Exercise.
Every line below from the one containing "rewrite upper_gamma_S, Gamma_nat_S." through the one containing "Lemma marcumQ_poisson_mixture k" must be transcribed exactly. Omit all lines outside that stretch.

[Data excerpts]

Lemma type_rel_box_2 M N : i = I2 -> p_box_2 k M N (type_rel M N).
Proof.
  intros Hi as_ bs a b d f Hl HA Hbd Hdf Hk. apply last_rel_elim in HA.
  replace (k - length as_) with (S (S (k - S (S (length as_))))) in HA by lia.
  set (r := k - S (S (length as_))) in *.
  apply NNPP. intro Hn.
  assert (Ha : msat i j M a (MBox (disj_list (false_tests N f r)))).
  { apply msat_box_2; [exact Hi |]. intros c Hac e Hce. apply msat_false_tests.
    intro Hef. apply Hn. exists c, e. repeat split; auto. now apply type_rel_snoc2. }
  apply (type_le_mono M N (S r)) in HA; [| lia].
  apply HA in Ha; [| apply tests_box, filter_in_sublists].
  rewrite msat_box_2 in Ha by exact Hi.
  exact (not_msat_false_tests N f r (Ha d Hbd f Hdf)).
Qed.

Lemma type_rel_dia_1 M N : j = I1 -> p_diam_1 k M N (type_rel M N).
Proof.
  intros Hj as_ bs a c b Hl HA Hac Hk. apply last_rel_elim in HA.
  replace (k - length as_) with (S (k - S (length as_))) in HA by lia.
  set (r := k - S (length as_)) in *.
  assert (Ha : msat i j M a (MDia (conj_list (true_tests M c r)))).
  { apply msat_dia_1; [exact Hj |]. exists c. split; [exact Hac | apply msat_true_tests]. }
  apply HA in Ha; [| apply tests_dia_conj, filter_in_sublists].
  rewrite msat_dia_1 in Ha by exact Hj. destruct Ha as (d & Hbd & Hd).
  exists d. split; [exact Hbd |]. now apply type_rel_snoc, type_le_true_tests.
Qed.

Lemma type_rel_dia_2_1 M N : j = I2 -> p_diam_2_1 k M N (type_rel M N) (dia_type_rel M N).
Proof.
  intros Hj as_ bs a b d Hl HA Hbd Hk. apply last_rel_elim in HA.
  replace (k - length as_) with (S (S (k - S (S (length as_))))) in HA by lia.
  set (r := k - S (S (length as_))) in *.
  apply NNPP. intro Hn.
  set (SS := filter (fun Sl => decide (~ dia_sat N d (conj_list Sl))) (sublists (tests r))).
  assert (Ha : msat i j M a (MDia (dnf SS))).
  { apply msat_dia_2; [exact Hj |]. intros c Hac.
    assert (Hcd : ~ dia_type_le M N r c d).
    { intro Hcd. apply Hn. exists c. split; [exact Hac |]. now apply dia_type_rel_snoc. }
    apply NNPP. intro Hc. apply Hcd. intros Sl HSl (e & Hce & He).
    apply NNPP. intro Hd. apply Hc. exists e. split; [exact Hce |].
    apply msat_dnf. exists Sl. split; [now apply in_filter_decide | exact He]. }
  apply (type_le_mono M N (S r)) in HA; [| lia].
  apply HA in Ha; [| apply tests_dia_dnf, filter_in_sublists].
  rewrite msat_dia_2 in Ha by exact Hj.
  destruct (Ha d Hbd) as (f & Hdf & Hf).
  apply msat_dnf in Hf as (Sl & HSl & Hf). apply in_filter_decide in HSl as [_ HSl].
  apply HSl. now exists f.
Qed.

...

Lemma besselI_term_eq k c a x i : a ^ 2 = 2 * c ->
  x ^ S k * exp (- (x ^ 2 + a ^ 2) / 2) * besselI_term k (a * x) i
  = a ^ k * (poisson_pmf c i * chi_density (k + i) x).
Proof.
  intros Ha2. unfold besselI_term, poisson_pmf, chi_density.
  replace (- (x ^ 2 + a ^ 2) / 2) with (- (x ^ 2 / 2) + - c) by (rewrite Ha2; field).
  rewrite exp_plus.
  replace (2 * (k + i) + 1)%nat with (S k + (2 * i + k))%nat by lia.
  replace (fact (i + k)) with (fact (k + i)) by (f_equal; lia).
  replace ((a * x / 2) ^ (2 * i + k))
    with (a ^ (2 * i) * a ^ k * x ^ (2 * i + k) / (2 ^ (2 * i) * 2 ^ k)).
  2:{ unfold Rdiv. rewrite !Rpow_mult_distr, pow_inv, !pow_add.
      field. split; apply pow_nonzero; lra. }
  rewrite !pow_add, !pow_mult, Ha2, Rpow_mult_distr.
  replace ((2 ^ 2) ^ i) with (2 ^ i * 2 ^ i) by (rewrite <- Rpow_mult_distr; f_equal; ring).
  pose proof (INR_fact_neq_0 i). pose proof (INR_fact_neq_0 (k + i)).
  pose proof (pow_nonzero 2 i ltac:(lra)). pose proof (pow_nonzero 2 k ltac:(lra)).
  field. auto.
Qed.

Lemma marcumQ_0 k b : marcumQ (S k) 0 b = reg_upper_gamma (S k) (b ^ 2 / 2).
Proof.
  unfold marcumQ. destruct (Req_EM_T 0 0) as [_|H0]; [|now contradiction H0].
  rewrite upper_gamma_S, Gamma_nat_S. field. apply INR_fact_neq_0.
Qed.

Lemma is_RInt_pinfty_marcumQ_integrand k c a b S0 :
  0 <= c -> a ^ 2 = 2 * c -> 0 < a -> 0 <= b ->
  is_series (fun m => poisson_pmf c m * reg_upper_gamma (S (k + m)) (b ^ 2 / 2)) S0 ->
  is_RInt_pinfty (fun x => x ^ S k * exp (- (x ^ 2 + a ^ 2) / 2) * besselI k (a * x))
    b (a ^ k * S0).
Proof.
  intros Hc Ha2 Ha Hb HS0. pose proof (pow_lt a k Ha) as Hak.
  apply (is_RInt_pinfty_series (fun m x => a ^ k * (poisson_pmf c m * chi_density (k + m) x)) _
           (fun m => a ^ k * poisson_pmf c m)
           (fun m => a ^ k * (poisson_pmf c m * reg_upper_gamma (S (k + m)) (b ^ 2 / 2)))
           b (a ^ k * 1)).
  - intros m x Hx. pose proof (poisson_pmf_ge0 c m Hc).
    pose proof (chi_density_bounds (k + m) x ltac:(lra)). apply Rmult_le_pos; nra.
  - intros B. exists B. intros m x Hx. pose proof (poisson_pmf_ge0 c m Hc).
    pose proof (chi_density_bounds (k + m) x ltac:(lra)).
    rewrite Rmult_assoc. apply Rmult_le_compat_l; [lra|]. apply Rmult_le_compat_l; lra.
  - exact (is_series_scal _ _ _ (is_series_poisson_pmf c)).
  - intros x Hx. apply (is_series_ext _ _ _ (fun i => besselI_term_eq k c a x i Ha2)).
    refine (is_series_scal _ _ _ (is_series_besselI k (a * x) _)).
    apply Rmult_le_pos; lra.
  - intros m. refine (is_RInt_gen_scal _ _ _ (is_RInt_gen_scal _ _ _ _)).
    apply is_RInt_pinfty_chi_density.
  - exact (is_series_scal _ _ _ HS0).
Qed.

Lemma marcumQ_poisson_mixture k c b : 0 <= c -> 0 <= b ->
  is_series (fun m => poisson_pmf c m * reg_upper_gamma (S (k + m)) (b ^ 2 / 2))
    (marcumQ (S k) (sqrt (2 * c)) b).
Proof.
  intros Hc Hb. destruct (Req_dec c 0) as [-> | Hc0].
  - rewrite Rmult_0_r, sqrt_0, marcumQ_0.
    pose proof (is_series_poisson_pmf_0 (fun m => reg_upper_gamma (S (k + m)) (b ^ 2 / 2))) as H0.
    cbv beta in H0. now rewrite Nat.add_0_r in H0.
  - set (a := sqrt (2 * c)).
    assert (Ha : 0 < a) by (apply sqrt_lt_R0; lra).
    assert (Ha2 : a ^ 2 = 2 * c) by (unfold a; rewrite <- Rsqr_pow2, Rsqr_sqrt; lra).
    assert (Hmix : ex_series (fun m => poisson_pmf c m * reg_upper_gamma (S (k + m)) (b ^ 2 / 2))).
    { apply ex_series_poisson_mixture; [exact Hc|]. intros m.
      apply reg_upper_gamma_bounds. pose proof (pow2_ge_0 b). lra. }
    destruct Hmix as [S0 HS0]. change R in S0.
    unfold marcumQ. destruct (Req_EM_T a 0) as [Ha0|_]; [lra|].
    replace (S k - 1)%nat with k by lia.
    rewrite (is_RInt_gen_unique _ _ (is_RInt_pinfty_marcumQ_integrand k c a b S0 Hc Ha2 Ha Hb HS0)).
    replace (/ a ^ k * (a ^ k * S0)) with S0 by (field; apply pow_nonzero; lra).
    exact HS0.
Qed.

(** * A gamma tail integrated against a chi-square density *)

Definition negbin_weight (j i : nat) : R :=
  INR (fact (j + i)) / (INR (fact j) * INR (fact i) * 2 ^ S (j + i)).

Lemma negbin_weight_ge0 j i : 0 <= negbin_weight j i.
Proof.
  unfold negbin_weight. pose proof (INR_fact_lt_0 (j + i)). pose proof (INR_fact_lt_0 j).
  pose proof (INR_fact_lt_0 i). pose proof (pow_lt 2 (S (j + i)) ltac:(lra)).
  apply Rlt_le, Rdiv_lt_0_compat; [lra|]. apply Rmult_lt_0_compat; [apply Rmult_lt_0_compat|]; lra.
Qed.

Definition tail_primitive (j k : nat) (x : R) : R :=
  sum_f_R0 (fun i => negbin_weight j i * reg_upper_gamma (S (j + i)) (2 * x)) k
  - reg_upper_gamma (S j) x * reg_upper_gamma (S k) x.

Exercise result.
  rewrite upper_gamma_S, Gamma_nat_S. field. apply INR_fact_neq_0.
Qed.

Lemma is_RInt_pinfty_marcumQ_integrand k c a b S0 :
  0 <= c -> a ^ 2 = 2 * c -> 0 < a -> 0 <= b ->
  is_series (fun m => poisson_pmf c m * reg_upper_gamma (S (k + m)) (b ^ 2 / 2)) S0 ->
  is_RInt_pinfty (fun x => x ^ S k * exp (- (x ^ 2 + a ^ 2) / 2) * besselI k (a * x))
    b (a ^ k * S0).
Proof.
  intros Hc Ha2 Ha Hb HS0. pose proof (pow_lt a k Ha) as Hak.
  apply (is_RInt_pinfty_series (fun m x => a ^ k * (poisson_pmf c m * chi_density (k + m) x)) _
           (fun m => a ^ k * poisson_pmf c m)
           (fun m => a ^ k * (poisson_pmf c m * reg_upper_gamma (S (k + m)) (b ^ 2 / 2)))
           b (a ^ k * 1)).
  - intros m x Hx. pose proof (poisson_pmf_ge0 c m Hc).
    pose proof (chi_density_bounds (k + m) x ltac:(lra)). apply Rmult_le_pos; nra.
  - intros B. exists B. intros m x Hx. pose proof (poisson_pmf_ge0 c m Hc).
    pose proof (chi_density_bounds (k + m) x ltac:(lra)).
    rewrite Rmult_assoc. apply Rmult_le_compat_l; [lra|]. apply Rmult_le_compat_l; lra.
  - exact (is_series_scal _ _ _ (is_series_poisson_pmf c)).
  - intros x Hx. apply (is_series_ext _ _ _ (fun i => besselI_term_eq k c a x i Ha2)).
    refine (is_series_scal _ _ _ (is_series_besselI k (a * x) _)).
    apply Rmult_le_pos; lra.
  - intros m. refine (is_RInt_gen_scal _ _ _ (is_RInt_gen_scal _ _ _ _)).
    apply is_RInt_pinfty_chi_density.
  - exact (is_series_scal _ _ _ HS0).
Qed.

Lemma marcumQ_poisson_mixture k c b : 0 <= c -> 0 <= b ->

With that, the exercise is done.